Tax Avoidance Enabler Penalties

Published / Last Updated on 17/11/2017

Tax Avoidance Enabler Penalties.

The Finance Bill 2017 has made provision for significant fines and penalties for not just people who use tax avoidance schemes but also the so called ‘enablers’ i.e. the provider of the scheme and any advisers involved in the same tax avoidance scheme chain.

Not only will the tax ‘avoided’ be payable in full.  If HMRC wins any legal case it contests and takes to court via a 1st Tier Tax Tribunal, all people involved will also face fines and penalties:

  • The individual or company benefitting from the tax avoidance scheme = 100% penalty (i.e. pay the avoided tax plus a 100% fine equivalent), effectively doubling the total paid.
  • The supplier and adviser and all involved = 100% penalties each

Independent advisers are equally at risk.

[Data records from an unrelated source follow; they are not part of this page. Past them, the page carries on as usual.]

(* For every integer $k\ge1$, $2d(\{0,1,\ldots,k-1\})\ge d(\{0,1,\ldots,k\})$, and the inequality is strict for $k>1$.
   Context: For $A,B\subseteq\mathbb{N}=\{0,1,\ldots\}$, $A+B=\{a+b:a\in A,b\in B\}$. For a nonempty finite $C\subseteq\mathbb{N}$, $d(C)$ is the number of sets $B\subseteq\mathbb{N}$ such that $B+D=C$ for some $D\subseteq\mathbb{N}$. *)

From mathcomp Require Import all_boot all_order.
From mathcomp Require Import boolp classical_sets cardinality.
From mathcomp Require Import finmap.
Set Implicit Arguments. Unset Strict Implicit. Unset Printing Implicit Defensive.
Local Open Scope classical_set_scope.

Definition sumset (A B : set nat) : set nat :=
  [set x | exists a b, A a /\ B b /\ x = (a + b)%N].

Definition summands (C : set nat) : set (set nat) :=
  [set B | exists D : set nat, sumset B D = C].

(* d(C) = number of such B (finite when C is finite and nonempty, since
   then every such B is a subset of C). *)
Definition dcount (C : set nat) : nat := #|` fset_set (summands C)|%fset.

From mathcomp Require Import all_boot all_order.
From mathcomp Require Import boolp classical_sets cardinality finmap zify.
Set Implicit Arguments. Unset Strict Implicit. Unset Printing Implicit Defensive.
Local Open Scope classical_set_scope.

(* A summand B of {0,...,k} contains 0 and has a greatest element m <= k; its
   co-summand is then {0,...,k-m}, i.e. the translates of {0,...,k-m} by the
   elements of B cover {0,...,k}.  Moving m down to m-1 turns B into a summand
   of {0,...,k-1}, and B is recovered from the image together with one bit:
   whether m-1 was already in B.  Hence d({0..k}) <= 2 d({0..k-1}).  For k >= 2
   the inequality is strict because {0,...,k-1} is not the image of a summand
   whose bit is off: such a summand would have m = k, hence radius 0, and so
   would have to contain k-1. *)

Lemma finite_subsets (T : choiceType) (A : set T) :
  finite_set A -> finite_set [set B | B `<=` A].
Proof.
move=> /finite_fsetP[X ->].
apply: (@sub_finite_set _ _ ((fun Y : {fset T} => [set` Y]) @` [set` fpowerset X])).
  move=> B /= BX; exists [fset x in X | `[< B x >]]%fset.
    by rewrite /= fpowersetE; apply/fsubsetP => x; rewrite inE => /andP[].
  apply/seteqP; split => x /=; rewrite !inE /=.
    by move=> /andP[_ /asboolP].
  by move=> Bx; rewrite BX // asboolT.
by apply: finite_image; apply: finite_fset.
Qed.

Section DoubleCounting.
Local Open Scope fset_scope.

Lemma card_le_in_inj (T U : choiceType) (A : {fset T}) (C : {fset U}) (f : T -> U) :
  {in A &, injective f} -> {in A, forall x, f x \in C} -> (#|` A| <= #|` C|)%N.
Proof.
move=> /card_in_imfsetP/eqP <- fAC; apply: fsubset_leq_card.
by apply/fsubsetP => _ /imfsetP[x /= Ax ->]; apply: fAC.
Qed.

Variables (T U : choiceType) (A : {fset T}) (B : {fset U}) (p : pred T) (f : T -> U).
Hypothesis f_into : {in A, forall x, f x \in B}.
Hypothesis f_inj_fibers : {in A &, forall x y, p x = p y -> f x = f y -> x = y}.

Let fiber b := [fset x in A | p x == b].

Let card_fibers : #|` A| = (#|` fiber true| + #|` fiber false|)%N.
Proof.
rewrite -(cardfsID (fiber true) A); congr addn; congr #|` _|; apply/fsetP => x;
  by rewrite !inE; case: (x \in A); case: (p x).
Qed.

Let card_fiber_le b (C : {fset U}) :
  {in A, forall x, p x = b -> f x \in C} -> (#|` fiber b| <= #|` C|)%N.
Proof.
move=> fAC; apply: card_le_in_inj => [x y|x]; rewrite !inE => /andP[Ax /eqP px].
  by move=> /andP[Ay /eqP py]; apply: f_inj_fibers; rewrite // px py.
exact: fAC.
Qed.

Lemma card_le_double : (#|` A| <= 2 * #|` B|)%N.
Proof.
by rewrite card_fibers mul2n -addnn leq_add // card_fiber_le // => x /f_into.
Qed.

Lemma card_lt_double y : y \in B -> {in A, forall x, ~~ p x -> f x != y} ->
  (#|` A| < 2 * #|` B|)%N.
Proof.
move=> By f_miss; rewrite card_fibers.
have true_le : (#|` fiber true| <= #|` B|)%N by apply: card_fiber_le => x /f_into.
have false_le : (#|` fiber false| <= #|` B `\ y|)%N.
  by apply: card_fiber_le => x Ax px; rewrite !inE f_into // andbT f_miss // px.
have := cardfsD1 y B; rewrite By; lia.
Qed.

End DoubleCounting.

Local Notation interval k := [set n : nat | (n <= k)%N].

Definition is_greatest (B : set nat) (m : nat) := B m /\ forall x, B x -> (x <= m)%N.

Lemma is_greatest_uniq B m m' : is_greatest B m -> is_greatest B m' -> m = m'.
Proof. by move=> [Bm Bm_ub] [Bm' Bm'_ub]; apply/eqP; rewrite eqn_leq Bm_ub ?Bm'_ub. Qed.

Lemma exists_greatest (B : set nat) n k :
  B n -> (forall x, B x -> (x <= k)%N) -> exists m, is_greatest B m.
Proof.
move=> Bn B_ub; have exB : exists i, `[< B i >] by exists n; apply/asboolP.
have ubB i : `[< B i >] -> (i <= k)%N by move=> /asboolP; apply: B_ub.
have [m /asboolP Bm m_max] := ex_maxnP exB ubB.
by exists m; split=> // x Bx; apply/m_max/asboolP.
Qed.

Definition top (B : set nat) : nat := xget 0%N (is_greatest B).

Lemma topE B m : is_greatest B m -> top B = m.
Proof. by move=> Bm; apply: xget_unique => // m' /is_greatest_uniq; apply. Qed.

Definition interval_summand k (B : set nat) :=
  exists m, [/\ is_greatest B m, (m <= k)%N &
    forall x, (x <= k)%N -> exists2 b, B b & (b <= x <= b + (k - m))%N].

Lemma summands_intervalP k B : summands (interval k) B <-> interval_summand k B.
Proof.
split=> [[D BD] | [m [[Bm Bm_ub] mk B_cover]]]; last first.
  exists (interval (k - m)); apply/seteqP; split=> x /=.
    by move=> [b [d [Bb [/= dkm ->]]]]; have := Bm_ub _ Bb; lia.
  by move=> /B_cover[b Bb bx]; exists b, (x - b)%N; split=> //=; lia.
have sumP x : (x <= k)%N <-> exists b d, B b /\ D d /\ x = (b + d)%N.
  by have /(congr1 (@^~ x)) := BD; rewrite /sumset /= => <-.
have [b [d [Bb [D0 /esym/eqP]]]] := (sumP 0%N).1 (leq0n _).
rewrite addn_eq0 => /andP[/eqP b0 /eqP d0]; subst b d.
have B_ub x : B x -> (x <= k)%N by move=> Bx; apply/sumP; exists x, 0%N; rewrite addn0.
have [m [Bm Bm_ub]] := exists_greatest Bb B_ub.
exists m; split=> //; first exact: B_ub.
move=> x /sumP[b [d [Bb' [Dd ->]]]]; exists b => //.
have : (m + d <= k)%N by apply/sumP; exists m, d.
lia.
Qed.

Lemma interval_summand0 k B : interval_summand k B -> B 0%N.
Proof. by move=> [m [_ _ /(_ 0%N (leq0n _))[b Bb]]]; rewrite leqn0 => /andP[/eqP <-]. Qed.

Lemma interval_summand_self k : interval_summand k (interval k).
Proof.
exists k; split=> // [|x xk]; first by split=> /=.
by exists x; rewrite /= ?subnn ?addn0 ?leqnn.
Qed.

Lemma finite_summands_interval k : finite_set (summands (interval k)).
Proof.
apply: sub_finite_set (finite_subsets (finite_II k.+1)).
by move=> B /summands_intervalP[m [[_ Bm_ub] mk _]] x /Bm_ub xm; apply: leq_trans mk.
Qed.

Definition lower_top (B : set nat) : set nat :=
  [set x | (B x /\ x <> top B) \/ x = (top B).-1].

Definition top_pred_in (B : set nat) : bool := `[< B (top B).-1 /\ (0 < top B)%N >].

Lemma lower_top_greatest B m : is_greatest B m -> is_greatest (lower_top B) m.-1.
Proof.
move=> Bm; rewrite /lower_top (topE Bm); case: Bm => Bm Bm_ub; split; first by right.
by move=> x [[/Bm_ub xm xNm] | ->] //=; lia.
Qed.

Lemma lower_top_summand k B :
  interval_summand k.+1 B -> interval_summand k (lower_top B).
Proof.
move=> [m [Bm mk B_cover]]; exists m.-1; split; [exact: lower_top_greatest | lia |].
have [_ Bm_ub] := Bm; rewrite /lower_top (topE Bm) => x xk.
have [b Bb bx] := B_cover x (leqW xk).
have [bm | bNm] := eqVneq b m.
  by exists m.-1; [right | subst b; lia].
by exists b; [left; split=> //; apply/eqP | have := Bm_ub _ Bb; move/eqP: bNm; lia].
Qed.

Lemma mem_from_lower_top B m : is_greatest B m -> forall x,
  B x <-> [\/ x = m, x = m.-1 /\ top_pred_in B | x <> m.-1 /\ lower_top B x].
Proof.
move=> Bm x; have [Bm' _] := Bm; rewrite /top_pred_in /lower_top (topE Bm).
split=> [Bx | [-> | [-> /asboolP[]] | [_ [[]|]]] //].
have [-> | xNm] := eqVneq x m; first exact: Or31.
have [xm1 | xNm1] := eqVneq x m.-1.
  by apply: Or32; split=> //; apply/asboolP; rewrite -xm1; split=> //; move/eqP: xNm; lia.
by apply: Or33; split; [|left; split=> //]; apply/eqP.
Qed.

Lemma top_pred_in_le1 B m :
  B 0%N -> is_greatest B m -> (m <= 1)%N -> top_pred_in B = (m == 1%N).
Proof.
move=> B0 Bm; rewrite /top_pred_in (topE Bm).
by case: m {Bm} => [|[|]] //= _; [apply: asboolF => -[] | apply: asboolT].
Qed.

Lemma lower_top_inj B1 B2 m1 m2 : B1 0%N -> B2 0%N ->
  is_greatest B1 m1 -> is_greatest B2 m2 ->
  top_pred_in B1 = top_pred_in B2 -> lower_top B1 = lower_top B2 -> B1 = B2.
Proof.
move=> B10 B20 Bm1 Bm2 same_pred same_lower.
have m1m2 : m1.-1 = m2.-1.
  apply: is_greatest_uniq (lower_top_greatest Bm1) _.
  by rewrite same_lower; apply: lower_top_greatest.
have {}m1m2 : m1 = m2.
  have [/andP[m1_le1 m2_le1] | ] := boolP ((m1 <= 1) && (m2 <= 1))%N; last lia.
  by move: same_pred; rewrite (top_pred_in_le1 B10 Bm1) // (top_pred_in_le1 B20 Bm2) //; lia.
subst m2; apply/funext => x.
rewrite (propext (mem_from_lower_top Bm1 x)) (propext (mem_from_lower_top Bm2 x)).
by rewrite same_pred same_lower.
Qed.

Lemma lower_top_neq_interval k B :
  interval_summand k.+2 B -> ~~ top_pred_in B -> lower_top B <> interval k.+1.
Proof.
move=> [m [Bm mk B_cover]] /asboolPn Npred lowerB.
have m_pred : m.-1 = k.+1.
  by apply: is_greatest_uniq (lower_top_greatest Bm) _; rewrite lowerB; split=> //=.
have [b Bb bk] := B_cover k.+1 (leqnSn _).
have bk1 : b = k.+1 by move: bk; rewrite -m_pred; lia.
by apply: Npred; rewrite (topE Bm) m_pred -bk1; split=> //; lia.
Qed.

Local Notation summands_of_interval k := (fset_set (summands (interval k))).

Lemma mem_summands_interval k B :
  B \in summands_of_interval k <-> interval_summand k B.
Proof.
rewrite in_fset_set; last exact: finite_summands_interval.
by rewrite -summands_intervalP; split=> [/set_mem | /mem_set].
Qed.

Lemma lower_top_summands k :
  {in summands_of_interval k.+1, forall B, lower_top B \in summands_of_interval k}.
Proof. by move=> B /mem_summands_interval/lower_top_summand/mem_summands_interval. Qed.

Lemma lower_top_summands_inj k : {in summands_of_interval k &, forall B1 B2,
  top_pred_in B1 = top_pred_in B2 -> lower_top B1 = lower_top B2 -> B1 = B2}.
Proof.
move=> B1 B2 /mem_summands_interval B1k /mem_summands_interval B2k.
have [[m1 [Bm1 _ _]] [m2 [Bm2 _ _]]] := (B1k, B2k).
exact: lower_top_inj (interval_summand0 B1k) (interval_summand0 B2k) Bm1 Bm2.
Qed.

Lemma dcount_interval_le k : (dcount (interval k.+1) <= 2 * dcount (interval k))%N.
Proof.
exact: card_le_double (@lower_top_summands k) (@lower_top_summands_inj k.+1).
Qed.

Lemma dcount_interval_lt k : (dcount (interval k.+2) < 2 * dcount (interval k.+1))%N.
Proof.
apply: (card_lt_double (@lower_top_summands k.+1) (@lower_top_summands_inj k.+2)
  (y := interval k.+1)).
  exact/mem_summands_interval/interval_summand_self.
move=> B /mem_summands_interval Bk Npred; apply/eqP.
exact: lower_top_neq_interval.
Qed.

Theorem mainTheorem7 (k : nat) (hk : (1 <= k)%N) :
  (dcount [set n | (n <= k)%N] <= 2 * dcount [set n | (n < k)%N])%N /\
  ((1 < k)%N -> (dcount [set n | (n <= k)%N] < 2 * dcount [set n | (n < k)%N])%N).
Proof.
case: k hk => [//|k] _; rewrite -[[set n | (n < k.+1)%N]]/(interval k).
split; first exact: dcount_interval_le.
by case: k => [//|k] _; apply: dcount_interval_lt.
Qed.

Many ‘clients’ have used a defence that if they took advice from a non-independent adviser they then claim they had taken ‘reasonable care’ to avoid breaking the law.  This has now been quashed and the only defence for reasonable care will be if the client takes advice from and an independent adviser.

Our position

We have never and never will give advice on tax mitigation schemes that have not been tested and approved by HMRC.  There are so many legal ways to make money, save money and pay less tax.  Why try and be a ‘clever dick’?  If tax is due it is due, if there are legal tax breaks, incentives and ways to plan for your estate or inheritance tax mitigation, the use them.